NEW YORK, NY.- Judd Foundation announced the unanimous support of members of both the Landmarks Committee of Community Board 2 and NYC Landmarks Preservation Commission for the Foundation’s plans to restore 101 Spring Street, the five-storey cast iron building that was the New York City home and studio of artist Donald Judd (1928-1994). This is one of 16 of his private living and working spaces that are maintained and preserved by Judd Foundation in New York and Texas. According to Executive Director Barbara Hunt McLanahan, “This show of support from both our neighbors and preservation professionals is a major endorsement and gives us great hope that we will be able to move forward with our plans for the restoration of the building”.
At a meeting on March 30, 2009, the Landmarks and Public Aesthetics Committee of Community Board 2 reviewed the restoration proposal from Judd Foundation for 101 Spring Street. Among the actions realized was the approval of a certificate of appropriateness for the restoration to be undertaken on the historic 1870s cast iron façade, and the approval for a change of use for the property to allow it to function as a public programming space following the restoration.
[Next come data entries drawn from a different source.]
(* $\mathbf{CL7}$ proves (derives) every binary tautological $\to$-sequent.
   Context: $\to$-formulas are built from propositional atoms with binary $\to$; a $\to$-sequent is $\Gamma\Rightarrow F$ with $\Gamma$ a finite multiset of $\to$-formulas and $F$ a $\to$-formula. A sequent $E_1,\dots,E_n\Rightarrow F$ is tautological (resp. binary) if the classical formula $E_1\wedge\dots\wedge E_n\to F$ is a classical tautology (resp. has no atom occurring more than twice). $\mathbf{CL7}$ has axioms all sequents $\Gamma,F\Rightarrow F$ and exactly two rules: Right $\to$: from $\Gamma,E\Rightarrow F$ infer $\Gamma\Rightarrow E\to F$; Left $\to$: from $\Gamma,F\Rightarrow G$ and $\Delta\Rightarrow E$ infer $\Gamma,\Delta,E\to F\Rightarrow G$ (no contraction). *)

From Stdlib Require Import List Permutation Arith Bool.
Import ListNotations.

Inductive form : Type :=
| Atom : nat -> form
| Imp : form -> form -> form.

(* Derivability in CL7 of the sequent  G => F, where the list G is read
   as a multiset (all rules are closed under permutation of antecedents). *)
Inductive CL7 : list form -> form -> Prop :=
| CL7_ax : forall G G' F,
    Permutation G' (F :: G) -> CL7 G' F
| CL7_R : forall G E F,
    CL7 (E :: G) F -> CL7 G (Imp E F)
| CL7_L : forall G D E F H G',
    CL7 (F :: G) H -> CL7 D E ->
    Permutation G' (Imp E F :: G ++ D) -> CL7 G' H.

Fixpoint eval (v : nat -> bool) (f : form) : bool :=
  match f with
  | Atom n => v n
  | Imp a b => implb (eval v a) (eval v b)
  end.

Definition tautological (G : list form) (F : form) : Prop :=
  forall v : nat -> bool,
    implb (forallb (eval v) G) (eval v F) = true.

Fixpoint occ (a : nat) (f : form) : nat :=
  match f with
  | Atom n => if Nat.eqb n a then 1 else 0
  | Imp x y => occ a x + occ a y
  end.

Definition binary (G : list form) (F : form) : Prop :=
  forall a : nat, fold_right plus 0 (map (occ a) G) + occ a F <= 2.

From Stdlib Require Import List Permutation Arith Bool Lia.
Import ListNotations.

(* We show, by induction on the number of arrows, that every
   binary tautological sequent G => F has a CL7-derivable sub-sequent
   G' => F (G' a sub-multiset of G) which is moreover "paired-satisfiable":
   G' holds under every valuation making true the atoms that occur twice in
   G' => F.  Weakening then yields G => F itself.
   - For F = C -> D we extract from C, G => D and apply Right ->.
   - For F an atom a, tautology forces a hypothesis X with head a; binarity
     makes a private to X and the goal.  If X = a we use an axiom.  If
     X = A -> E, we first extract E, T => a from E, G; the atoms occurring twice
     there do not occur in A nor in the rest R of G, so paired-satisfiability
     lets us discard T and keeps R => A tautological.  Extracting from R => A
     gives a context disjoint from T, and Left -> combines both derivations. *)

Lemma CL7_perm G F : CL7 G F -> forall G2, Permutation G G2 -> CL7 G2 F.
Proof.
  induction 1 as [G G' F Hp | G E F _ IH | G D E F H G' Hd1 _ Hd2 _ Hp]; intros G2 HP.
  - apply (CL7_ax G); eapply Permutation_trans; [apply Permutation_sym, HP | exact Hp].
  - apply CL7_R, IH, perm_skip, HP.
  - apply (CL7_L G D E F H G2 Hd1 Hd2).
    eapply Permutation_trans; [apply Permutation_sym, HP | exact Hp].
Qed.

Lemma CL7_weak G F : CL7 G F -> forall X, CL7 (X :: G) F.
Proof.
  induction 1 as [G G' F Hp | G E F _ IH | G D E F H G' _ IH1 Hd2 _ Hp]; intros X.
  - apply (CL7_ax (X :: G)).
    eapply Permutation_trans; [apply perm_skip, Hp | apply perm_swap].
  - apply CL7_R, (CL7_perm _ _ (IH X)), perm_swap.
  - apply (CL7_L (X :: G) D E F); [apply (CL7_perm _ _ (IH1 X)), perm_swap | exact Hd2 |].
    eapply Permutation_trans; [apply perm_skip, Hp | apply perm_swap].
Qed.

Lemma CL7_weak_app B G F : CL7 G F -> CL7 (B ++ G) F.
Proof. induction B; simpl; auto using CL7_weak. Qed.

Definition total (f : form -> nat) (G : list form) : nat := list_sum (map f G).

Lemma total_cons f X G : total f (X :: G) = f X + total f G.
Proof. reflexivity. Qed.

Lemma total_app f G H : total f (G ++ H) = total f G + total f H.
Proof. unfold total; rewrite map_app; apply list_sum_app. Qed.

Lemma total_perm f G H : Permutation G H -> total f G = total f H.
Proof. intros HP; apply Permutation_list_sum, Permutation_map, HP. Qed.

Notation occs a := (total (occ a)).

Lemma binary_perm G H F : Permutation G H -> binary G F -> binary H F.
Proof.
  intros HP Hb a; specialize (Hb a); change (occs a H + occ a F <= 2).
  rewrite <- (total_perm _ _ _ HP); exact Hb.
Qed.

Fixpoint imps (f : form) : nat :=
  match f with Atom _ => 0 | Imp A B => S (imps A + imps B) end.

Definition weight (G : list form) (F : form) : nat := total imps G + imps F.

Lemma eval_agree f v w : (forall b, occ b f <> 0 -> v b = w b) -> eval v f = eval w f.
Proof.
  induction f as [n | A IHA B IHB]; simpl; intros Hvw.
  - apply Hvw; simpl; rewrite Nat.eqb_refl; discriminate.
  - rewrite IHA, IHB by (intros b Hb; apply Hvw; lia); reflexivity.
Qed.

Lemma forallb_agree G v w :
  (forall b, occs b G <> 0 -> v b = w b) -> forallb (eval v) G = forallb (eval w) G.
Proof.
  induction G as [|X G IH]; simpl; intros Hvw; [reflexivity|].
  rewrite (eval_agree X v w), IH; [reflexivity| |];
    intros b Hb; apply Hvw; rewrite total_cons; lia.
Qed.

Lemma forallb_perm {T : Type} (p : T -> bool) G H :
  Permutation G H -> forallb p G = forallb p H.
Proof.
  intros HP; induction HP; simpl; try congruence.
  destruct (p x), (p y); reflexivity.
Qed.

Lemma taut_perm G H F : Permutation G H -> tautological G F -> tautological H F.
Proof. intros HP Ht v; rewrite <- (forallb_perm _ _ _ HP); apply Ht. Qed.

(* The head of A1 -> ... -> An -> b is the atom b: making it true makes the
   formula true, so a tautology with atomic goal a has a hypothesis headed by a. *)
Fixpoint head (f : form) : nat :=
  match f with Atom n => n | Imp _ B => head B end.

Lemma occ_head f : 1 <= occ (head f) f.
Proof. induction f; simpl; [rewrite Nat.eqb_refl|]; lia. Qed.

Lemma eval_head f v : v (head f) = true -> eval v f = true.
Proof.
  induction f as [n | A _ B IHB]; simpl; intros Hv; [exact Hv|].
  rewrite IHB by exact Hv; apply implb_true_r.
Qed.

Lemma taut_has_head G a :
  tautological G (Atom a) -> exists X G0, Permutation G (X :: G0) /\ head X = a.
Proof.
  intros Ht.
  destruct (existsb (fun X => head X =? a) G) eqn:Hex.
  - apply existsb_exists in Hex as [X [HX Hh]]; apply Nat.eqb_eq in Hh.
    destruct (in_split _ _ HX) as [G1 [G2 ->]].
    exists X, (G1 ++ G2); split; [apply Permutation_sym, Permutation_middle | exact Hh].
  - exfalso. specialize (Ht (fun b => negb (b =? a))); simpl in Ht.
    rewrite Nat.eqb_refl in Ht.
    assert (Hall : forallb (eval (fun b => negb (b =? a))) G = true).
    { apply forallb_forall; intros X HX; apply eval_head.
      destruct (head X =? a) eqn:Hh; [|reflexivity].
      enough (existsb (fun X => head X =? a) G = true) by congruence.
      apply existsb_exists; eauto. }
    rewrite Hall in Ht; discriminate.
Qed.

(* Tautologies of the premises of Right -> and Left -> (the latter needs the
   goal atom to be absent from A and G, since a is falsified). *)
Lemma taut_right G C D : tautological G (Imp C D) -> tautological (C :: G) D.
Proof.
  intros Ht v; specialize (Ht v); simpl in *.
  destruct (eval v C), (forallb (eval v) G), (eval v D); auto.
Qed.

Lemma taut_left_conclusion A E G F :
  tautological (Imp A E :: G) F -> tautological (E :: G) F.
Proof.
  intros Ht v; specialize (Ht v); simpl in *.
  destruct (eval v A), (eval v E), (forallb (eval v) G), (eval v F); auto.
Qed.

Lemma taut_left_premise A E G a :
  occ a A = 0 -> occs a G = 0 ->
  tautological (Imp A E :: G) (Atom a) -> tautological G A.
Proof.
  intros HA HG Ht v.
  set (w := fun b => if b =? a then false else v b).
  assert (Hagree : forall b, b <> a -> w b = v b)
    by (intros b Hb; unfold w; destruct (Nat.eqb_spec b a); congruence).
  specialize (Ht w); simpl in Ht.
  replace (w a) with false in Ht by (unfold w; rewrite Nat.eqb_refl; reflexivity).
  rewrite (eval_agree A w v), (forallb_agree G w v) in Ht;
    [| intros b Hb; apply Hagree; intros ->; contradiction ..].
  destruct (eval v A), (eval w E), (forallb (eval v) G); auto.
Qed.

(* This invariant of extracted derivations is what allows
   the two premises of Left -> to be given disjoint contexts. *)
Definition paired_sat (G : list form) (F : form) : Prop :=
  forall v, (forall b, 2 <= occs b G + occ b F -> v b = true) ->
  forallb (eval v) G = true.

Lemma taut_drop_private T R A (p : nat -> bool) :
  tautological (T ++ R) A ->
  (forall v, (forall b, p b = true -> v b = true) -> forallb (eval v) T = true) ->
  (forall b, p b = true -> occs b R = 0 /\ occ b A = 0) ->
  tautological R A.
Proof.
  intros Ht HT Hpriv v.
  set (w := fun b => p b || v b).
  assert (Hagree : forall b, p b = false -> w b = v b)
    by (intros b Hb; unfold w; rewrite Hb; reflexivity).
  specialize (Ht w); rewrite forallb_app, (HT w) in Ht
    by (intros b Hb; unfold w; rewrite Hb; reflexivity).
  rewrite (forallb_agree R w v), (eval_agree A w v) in Ht;
    [exact Ht | intros b Hb; apply Hagree; destruct (p b) eqn:Hp; [|reflexivity];
       exfalso; apply Hb, (Hpriv b Hp) ..].
Qed.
According to the minutes released by the Community Board, Judd Foundation’s presentation was “the most extensive, laudable and justifiable 74- 711 Request for Change Of Use that has ever been presented, towering over all prior commercial requests in its scope, sensitivity and adherence to the spirit of the law.” The presentation was greeted with unequivocal approval and a unanimous vote of support.
One week later on April 7, 2009, Judd Foundation presented the restoration proposal to the NYC Landmarks Preservation Commission, where Foundation staff and the restoration team spoke on behalf of the plan, and again it received unanimous support. “The proposal to restore the building is excellent, and I applaud the Foundation and its architects for a sensitive, thoughtful approach that will greatly enhance the SoHo Cast-Iron Historic District’s special sense of place,” said Commission Chairman Robert B. Tierney.
As a final step in the approvals process, Judd Foundation will submit the restoration project to the Department of Buildings this year, after which it hopes to receive the necessary permits to begin construction.
In 2001, with funding from the National Trust for Historic Preservation’s Historic Artists Homes and Studios Program, Judd Foundation commissioned a master plan for the restoration of 101 Spring Street. Since November 2005, a team of experts in the areas of historic preservation, cast iron restoration, and fire and life safety systems have undertaken research and prepared detailed plans for the restoration of the building. Over the next three years, Judd Foundation will implement restoration plans and develop plans for building maintenance and interpretation of its collections. Once the restoration is complete, 101 Spring Street will open to the public with a full schedule of public programs.
In 1968, Donald Judd purchased 101 Spring Street, a cast iron building with Classical and neo-Grec style details designed by Nicholas Whyte in 1870. It was the first building Judd owned, and he had an intense appreciation for its architecture and the surrounding SoHo neighborhood. It is considered to be the birthplace of Judd’s concept of “permanent installation,” now a hallmark of contemporary art, as well as an inspiration for much of Judd’s work. As one of the founding sites in the program of Historic Artists’ Homes and Studios for the National Trust for Historic Preservation, 101 Spring Street is the only intact, single-use cast-iron building remaining in SoHo. This distinction has earned it the highest designation for national significance as a contributing building to the SoHo Historic Cast-Iron District.